Ulrik Lindkvist

Personal information
- Date of birth: 5 March 1981 (age 44)
- Place of birth: Sunds, Denmark
- Height: 1.80 m (5 ft 11 in)
- Position: Defender

Youth career
- Sunds IF
- Ikast fS

Senior career*
- Years: Team / Apps / (Gls)
- 2000–2007: Midtjylland / 149 / (5)
- 2007–2010: AGF / 44 / (4)
- 2010–2011: Vejle / 15 / (0)
- 2011: Horsens / 2 / (0)

International career
- 1998: Denmark U19 / 1 / (0)
- 2002: Denmark U20 / 1 / (0)
- 2002: Denmark U21 / 1 / (0)

= Ulrik Lindkvist =

Danish footballer (born 1981)

Ulrik Lindkvist (born 5 March 1981), is a Danish retired professional football (soccer) player, who played as a defender. He played three games for various Danish youth national team selections.

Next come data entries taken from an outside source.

(* In the setting of the context (the canonical generalized multi-time Lagrange space associated with a quadratic multi-time Lagrangian, with its Cartan connection $C\Gamma$), the global generalized Einstein equations $Ric(C\Gamma)-\frac{Sc(C\Gamma)}{2}G=\mathcal{K}\mathcal{T}$, where $\mathcal{K}$ is a constant and $\mathcal{T}$ is a d-tensor with adapted components $\mathcal{T}_{AB}$, $A,B\in\{\alpha,\ i,\ {}^{(\alpha)}_{(i)}\}$, are locally equivalent to $$H_{\alpha\beta}-\frac{H+R}{2}h_{\alpha\beta}=\mathcal{K}\mathcal{T}_{\alpha\beta},\qquad R_{ij}-\frac{H+R}{2}g_{ij}=\mathcal{K}\mathcal{T}_{ij},\qquad -\frac{H+R}{2}h^{\alpha\beta}g_{ij}=\mathcal{K}\mathcal{T}^{(\alpha)(\beta)}_{(i)(j)},$$ $$0=\mathcal{T}_{\alpha i},\quad R_{i\alpha}=\mathcal{K}\mathcal{T}_{i\alpha},\quad 0=\mathcal{T}^{(\alpha)}_{(i)\beta},\quad 0=\mathcal{T}^{\ (\beta)}_{\alpha(i)},\quad 0=\mathcal{T}^{\ (\alpha)}_{i(j)},\quad 0=\mathcal{T}^{(\alpha)}_{(i)j},$$ where $H_{\alpha\beta}=H^\mu_{\alpha\beta\mu}$, $R_{ij}=R^m_{ijm}$, $R_{i\alpha}=R^m_{i\alpha m}$, $H=h^{\alpha\beta}H_{\alpha\beta}$, $R=g^{ij}R_{ij}$.
   Context: Setting: $T$ is a $p$-dimensional manifold (coordinates $t^\alpha$) with semi-Riemannian metric $h_{\alpha\beta}(t)$ (inverse $h^{\alpha\beta}$, Christoffel symbols $H^\gamma_{\alpha\beta}$); $M$ is $n$-dimensional; on $J^1(T,M)$ (coordinates $(t^\alpha,x^i,x^i_\alpha)$) $L=G^{(\alpha)(\beta)}_{(i)(j)}(t,x)x^i_\alpha x^j_\beta+U^{(\alpha)}_{(i)}(t,x)x^i_\alpha+F(t,x)$ with $G^{(\alpha)(\beta)}_{(i)(j)}=\frac12\partial^2L/\partial x^i_\alpha\partial x^j_\beta$ symmetric, rank $n$, constant signature in $i,j$; $g_{ij}=\frac1p h_{\mu\nu}G^{(\mu)(\nu)}_{(i)(j)}$ with inverse $g^{ij}$ and generalized Christoffel symbols $\Gamma^i_{jk}$ in $x$. Nonlinear connection $M^{(i)}_{(\alpha)\beta}=-H^\gamma_{\alpha\beta}x^i_\gamma$, $N^{(i)}_{(\alpha)j}=\Gamma^i_{jm}x^m_\alpha+\frac{g^{im}}{2}\frac{\partial g_{jm}}{\partial t^\alpha}$; adapted cobasis $dt^\alpha$, $dx^i$, $\delta x^i_\alpha=dx^i_\alpha+M^{(i)}_{(\alpha)\beta}dt^\beta+N^{(i)}_{(\alpha)j}dx^j$; $\frac{\delta}{\delta t^\alpha}=\partial_{t^\alpha}-M^{(j)}_{(\beta)\alpha}\partial_{x^j_\beta}$, $\frac{\delta}{\delta x^i}=\partial_{x^i}-N^{(j)}_{(\beta)i}\partial_{x^j_\beta}$. The gravitational potential is $G=h_{\alpha\beta}dt^\alpha\otimes dt^\beta+g_{ij}dx^i\otimes dx^j+h^{\alpha\beta}g_{ij}\delta x^i_\alpha\otimes\delta x^j_\beta$. Cartan connection $C\Gamma$: $H^\gamma_{\alpha\beta}$, $G^k_{j\gamma}=\frac{g^{km}}{2}\frac{\delta g_{mj}}{\delta t^\gamma}$, $L^i_{jk}=\frac{g^{im}}{2}(\frac{\delta g_{jm}}{\delta x^k}+\frac{\delta g_{km}}{\delta x^j}-\frac{\delta g_{jk}}{\delta x^m})$, $C^{i(\gamma)}_{j(k)}=\frac{g^{im}}{2}(\frac{\partial g_{jm}}{\partial x^k_\gamma}+\frac{\partial g_{km}}{\partial x^j_\gamma}-\frac{\partial g_{jk}}{\partial x^m_\gamma})$. Curvatures: $H^\alpha_{\eta\beta\gamma}=\frac{\delta H^\alpha_{\eta\beta}}{\delta t^\gamma}-\frac{\delta H^\alpha_{\eta\gamma}}{\delta t^\beta}+H^\mu_{\eta\beta}H^\alpha_{\mu\gamma}-H^\mu_{\eta\gamma}H^\alpha_{\mu\beta}$; $R^l_{i\beta k}=\frac{\delta G^l_{i\beta}}{\delta x^k}-\frac{\delta L^l_{ik}}{\delta t^\beta}+G^m_{i\beta}L^l_{mk}-L^m_{ik}G^l_{m\beta}+C^{l(\mu)}_{i(m)}R^{(m)}_{(\mu)\beta k}$; $R^l_{ijk}=\frac{\delta L^l_{ij}}{\delta x^k}-\frac{\delta L^l_{ik}}{\delta x^j}+L^m_{ij}L^l_{mk}-L^m_{ik}L^l_{mj}+C^{l(\mu)}_{i(m)}R^{(m)}_{(\mu)jk}$; $P^{l\,(\gamma)}_{i\beta(k)}=\frac{\partial G^l_{i\beta}}{\partial x^k_\gamma}-C^{l(\gamma)}_{i(k)/\beta}+C^{l(\mu)}_{i(m)}P^{(m)(\gamma)}_{(\mu)\beta(k)}$; $P^{l\,(\gamma)}_{ij(k)}=\frac{\partial L^l_{ij}}{\partial x^k_\gamma}-C^{l(\gamma)}_{i(k)|j}+C^{l(\mu)}_{i(m)}P^{(m)(\gamma)}_{(\mu)j(k)}$; $S^{l(\beta)(\gamma)}_{i(j)(k)}=\frac{\partial C^{l(\beta)}_{i(j)}}{\partial x^k_\gamma}-\frac{\partial C^{l(\gamma)}_{i(k)}}{\partial x^j_\beta}+C^{m(\beta)}_{i(j)}C^{l(\gamma)}_{m(k)}-C^{m(\gamma)}_{i(k)}C^{l(\beta)}_{m(j)}$, with $R^{(m)}_{(\mu)\beta k}=\frac{\delta M^{(m)}_{(\mu)\beta}}{\delta x^k}-\frac{\delta N^{(m)}_{(\mu)k}}{\delta t^\beta}$, $R^{(m)}_{(\mu)jk}=\frac{\delta N^{(m)}_{(\mu)j}}{\delta x^k}-\frac{\delta N^{(m)}_{(\mu)k}}{\delta x^j}$, $P^{(m)(\gamma)}_{(\mu)\beta(k)}=\frac{\partial M^{(m)}_{(\mu)\beta}}{\partial x^k_\gamma}-\delta^\gamma_\mu G^m_{k\beta}+\delta^m_kH^\gamma_{\mu\beta}$, $P^{(m)(\gamma)}_{(\mu)j(k)}=\frac{\partial N^{(m)}_{(\mu)j}}{\partial x^k_\gamma}-\delta^\gamma_\mu L^m_{jk}$, and ''$_{/\beta}$'', ''$_{|j}$'' the horizontal covariant derivatives of $C\Gamma$. The Ricci d-tensor is $Ric(C\Gamma)=R_{\alpha\beta}dt^\alpha\otimes dt^\beta+R_{i\alpha}dx^i\otimes dt^\alpha+R_{ij}dx^i\otimes dx^j+R^{\ (\alpha)}_{i(j)}dx^i\otimes\delta x^j_\alpha+R^{(\alpha)}_{(i)\beta}\delta x^i_\alpha\otimes dt^\beta+R^{(\alpha)}_{(i)j}\delta x^i_\alpha\otimes dx^j+R^{(\alpha)(\beta)}_{(i)(j)}\delta x^i_\alpha\otimes\delta x^j_\beta$ (no $dt\otimes dx$ or $dt\otimes\delta x$ components), with $R_{\alpha\beta}=H^\mu_{\alpha\beta\mu}$, $R_{i\alpha}=R^m_{i\alpha m}$, $R_{ij}=R^m_{ijm}$, $R^{\ (\alpha)}_{i(j)}=-P^{m\ (\alpha)}_{im(j)}$, $R^{(\alpha)}_{(i)j}=P^{m\ (\alpha)}_{ij(m)}$, $R^{(\alpha)}_{(i)\beta}=P^{m\ (\alpha)}_{i\beta(m)}$, $R^{(\alpha)(\beta)}_{(i)(j)}=S^{m(\beta)(\alpha)}_{i(j)(m)}$. The scalar curvature is $Sc(C\Gamma)=h^{\alpha\beta}R_{\alpha\beta}+g^{ij}R_{ij}+h_{\alpha\beta}g^{ij}R^{(\alpha)(\beta)}_{(i)(j)}$. The stress-energy d-tensor $\mathcal{T}$ is expanded in the same adapted tensor basis, e.g. $\mathcal{T}_{\alpha i}$ is its $dt^\alpha\otimes dx^i$ component and $\mathcal{T}^{\ (\beta)}_{\alpha(i)}$ its $dt^\alpha\otimes\delta x^i_\beta$ component. *)

From HB Require Import structures.
From mathcomp Require Import all_boot all_order all_algebra.
From mathcomp Require Import all_classical all_reals all_analysis.

Set Implicit Arguments.
Unset Strict Implicit.
Unset Printing Implicit Defensive.

Import Order.TTheory GRing.Theory Num.Theory.
Local Open Scope ring_scope.

(* Local coordinates on J^1(T,M): a point is (t, x, X) with
   t = (t^alpha) : 'rV_p, x = (x^i) : 'rV_n, X alpha i = x^i_alpha.
   The coordinate chart is modelled by the whole coordinate space.
   Greek indices range over 'I_p, Latin indices over 'I_n. *)

Section MultiTimeEinstein.
Variables (R : realType) (p n : nat).
Variable h : 'rV[R]_p -> 'M[R]_p.
(* G^{(alpha)(beta)}_{(i)(j)}(t,x) = GG t x alpha beta i j *)
Variable GG : 'rV[R]_p -> 'rV[R]_n -> 'I_p -> 'I_p -> 'I_n -> 'I_n -> R.

Definition Jfun := 'rV[R]_p -> 'rV[R]_n -> 'M[R]_(p, n) -> R.

Definition pt (a : 'I_p) (f : Jfun) : Jfun := fun t x X =>
  derive1 (fun s : R => f (t + s *: delta_mx 0 a) x X) 0.
Definition px (k : 'I_n) (f : Jfun) : Jfun := fun t x X =>
  derive1 (fun s : R => f t (x + s *: delta_mx 0 k) X) 0.
Definition pX (c : 'I_p) (k : 'I_n) (f : Jfun) : Jfun := fun t x X =>
  derive1 (fun s : R => f t x (X + s *: delta_mx c k)) 0.

Definition hJ (a b : 'I_p) : Jfun := fun t _ _ => h t a b.
Definition hinvJ (a b : 'I_p) : Jfun := fun t _ _ => invmx (h t) a b.

Definition Hchr (c a b : 'I_p) : Jfun := fun t x X =>
  2^-1 * \sum_(m < p) invmx (h t) c m *
    (pt a (hJ m b) t x X + pt b (hJ m a) t x X - pt m (hJ a b) t x X).

Definition gval (t : 'rV[R]_p) (x : 'rV[R]_n) (i j : 'I_n) : R :=
  p%:R^-1 * \sum_(m < p) \sum_(v < p) h t m v * GG t x m v i j.
Definition gmat t x : 'M[R]_n := \matrix_(i, j) gval t x i j.
Definition gJ (i j : 'I_n) : Jfun := fun t x _ => gval t x i j.
Definition ginvJ (i j : 'I_n) : Jfun := fun t x _ => invmx (gmat t x) i j.

Definition Gam (i j k : 'I_n) : Jfun := fun t x X =>
  2^-1 * \sum_(m < n) ginvJ i m t x X *
    (px k (gJ j m) t x X + px j (gJ k m) t x X - px m (gJ j k) t x X).

(* nonlinear connection: Mnl i a b = M^{(i)}_{(a)b}, Nnl i a j = N^{(i)}_{(a)j} *)
Definition Mnl (i : 'I_n) (a b : 'I_p) : Jfun := fun t x X =>
  - \sum_(c < p) Hchr c a b t x X * X c i.
Definition Nnl (i : 'I_n) (a : 'I_p) (j : 'I_n) : Jfun := fun t x X =>
  \sum_(m < n) Gam i j m t x X * X a m
  + 2^-1 * \sum_(m < n) ginvJ i m t x X * pt a (gJ j m) t x X.

Definition dt (a : 'I_p) (f : Jfun) : Jfun := fun t x X =>
  pt a f t x X - \sum_(j < n) \sum_(b < p) Mnl j b a t x X * pX b j f t x X.
Definition dx (i : 'I_n) (f : Jfun) : Jfun := fun t x X =>
  px i f t x X - \sum_(j < n) \sum_(b < p) Nnl j b i t x X * pX b j f t x X.

(* Cartan connection: Gc k j c = G^k_{jc}, Lc i j k = L^i_{jk},
   Cc i c j k = C^{i(c)}_{j(k)} *)
Definition Gc (k j : 'I_n) (c : 'I_p) : Jfun := fun t x X =>
  2^-1 * \sum_(m < n) ginvJ k m t x X * dt c (gJ m j) t x X.
Definition Lc (i j k : 'I_n) : Jfun := fun t x X =>
  2^-1 * \sum_(m < n) ginvJ i m t x X *
    (dx k (gJ j m) t x X + dx j (gJ k m) t x X - dx m (gJ j k) t x X).
Definition Cc (i : 'I_n) (c : 'I_p) (j k : 'I_n) : Jfun := fun t x X =>
  2^-1 * \sum_(m < n) ginvJ i m t x X *
    (pX c k (gJ j m) t x X + pX c j (gJ k m) t x X - pX c m (gJ j k) t x X).

Definition Hcurv (a e b c : 'I_p) : Jfun := fun t x X =>
  dt c (Hchr a e b) t x X - dt b (Hchr a e c) t x X
  + \sum_(u < p) (Hchr u e b t x X * Hchr a u c t x X
                  - Hchr u e c t x X * Hchr a u b t x X).

Definition Rnl1 (m : 'I_n) (u b : 'I_p) (k : 'I_n) : Jfun := fun t x X =>
  dx k (Mnl m u b) t x X - dt b (Nnl m u k) t x X.
Definition Rnl2 (m : 'I_n) (u : 'I_p) (j k : 'I_n) : Jfun := fun t x X =>
  dx k (Nnl m u j) t x X - dx j (Nnl m u k) t x X.
Definition Pnl1 (m : 'I_n) (c u b : 'I_p) (k : 'I_n) : Jfun := fun t x X =>
  pX c k (Mnl m u b) t x X - (c == u)%:R * Gc m k b t x X
  + (m == k)%:R * Hchr c u b t x X.
Definition Pnl2 (m : 'I_n) (c u : 'I_p) (j k : 'I_n) : Jfun := fun t x X =>
  pX c k (Nnl m u j) t x X - (c == u)%:R * Lc m j k t x X.

Definition Ccov_t (l : 'I_n) (c : 'I_p) (i k : 'I_n) (b : 'I_p) : Jfun :=
  fun t x X =>
  dt b (Cc l c i k) t x X
  + \sum_(m < n) Cc m c i k t x X * Gc l m b t x X
  - \sum_(m < n) Cc l c m k t x X * Gc m i b t x X
  - \sum_(m < n) Cc l c i m t x X * Gc m k b t x X
  + \sum_(u < p) Cc l u i k t x X * Hchr c u b t x X.
Definition Ccov_x (l : 'I_n) (c : 'I_p) (i k j : 'I_n) : Jfun := fun t x X =>
  dx j (Cc l c i k) t x X
  + \sum_(m < n) Cc m c i k t x X * Lc l m j t x X
  - \sum_(m < n) Cc l c m k t x X * Lc m i j t x X
  - \sum_(m < n) Cc l c i m t x X * Lc m k j t x X.

Definition Rc1 (l i : 'I_n) (b : 'I_p) (k : 'I_n) : Jfun := fun t x X =>
  dx k (Gc l i b) t x X - dt b (Lc l i k) t x X
  + \sum_(m < n) (Gc m i b t x X * Lc l m k t x X
                  - Lc m i k t x X * Gc l m b t x X)
  + \sum_(u < p) \sum_(m < n) Cc l u i m t x X * Rnl1 m u b k t x X.
Definition Rc2 (l i j k : 'I_n) : Jfun := fun t x X =>
  dx k (Lc l i j) t x X - dx j (Lc l i k) t x X
  + \sum_(m < n) (Lc m i j t x X * Lc l m k t x X
                  - Lc m i k t x X * Lc l m j t x X)
  + \sum_(u < p) \sum_(m < n) Cc l u i m t x X * Rnl2 m u j k t x X.
Definition Pc1 (l : 'I_n) (c : 'I_p) (i : 'I_n) (b : 'I_p) (k : 'I_n) : Jfun :=
  fun t x X =>
  pX c k (Gc l i b) t x X - Ccov_t l c i k b t x X
  + \sum_(u < p) \sum_(m < n) Cc l u i m t x X * Pnl1 m c u b k t x X.
Definition Pc2 (l : 'I_n) (c : 'I_p) (i j k : 'I_n) : Jfun := fun t x X =>
  pX c k (Lc l i j) t x X - Ccov_x l c i k j t x X
  + \sum_(u < p) \sum_(m < n) Cc l u i m t x X * Pnl2 m c u j k t x X.
Definition Sc3 (l : 'I_n) (b c : 'I_p) (i j k : 'I_n) : Jfun := fun t x X =>
  pX c k (Cc l b i j) t x X - pX b j (Cc l c i k) t x X
  + \sum_(m < n) (Cc m b i j t x X * Cc l c m k t x X
                  - Cc m c i k t x X * Cc l b m j t x X).

Definition Ric_tt (a b : 'I_p) : Jfun := fun t x X =>
  \sum_(u < p) Hcurv u a b u t x X.                       (* R_{ab} = H_{ab} *)
Definition Ric_xt (i : 'I_n) (a : 'I_p) : Jfun := fun t x X =>
  \sum_(m < n) Rc1 m i a m t x X.
Definition Ric_xx (i j : 'I_n) : Jfun := fun t x X =>
  \sum_(m < n) Rc2 m i j m t x X.
Definition Ric_xv (i : 'I_n) (a : 'I_p) (j : 'I_n) : Jfun := fun t x X =>
  - \sum_(m < n) Pc2 m a i m j t x X.
Definition Ric_vx (a : 'I_p) (i j : 'I_n) : Jfun := fun t x X =>
  \sum_(m < n) Pc2 m a i j m t x X.
Definition Ric_vt (a : 'I_p) (i : 'I_n) (b : 'I_p) : Jfun := fun t x X =>
  \sum_(m < n) Pc1 m a i b m t x X.
Definition Ric_vv (a : 'I_p) (i : 'I_n) (b : 'I_p) (j : 'I_n) : Jfun :=
  fun t x X => \sum_(m < n) Sc3 m b a i j m t x X.

(* adapted indices: dt^a, dx^i, delta x^i_a *)
Inductive Idx := IT of 'I_p | IX of 'I_n | IV of 'I_p & 'I_n.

Lindkvist played for FC Midtjylland (FCM), and he is a product of the youth work in the club. He mostly plays the position of left back, although he can play almost every position on the field. He prefers to play in the right side, in more attacking positions of the field.

In July 2010 he made a transfer to Vejle in the Danish First Division.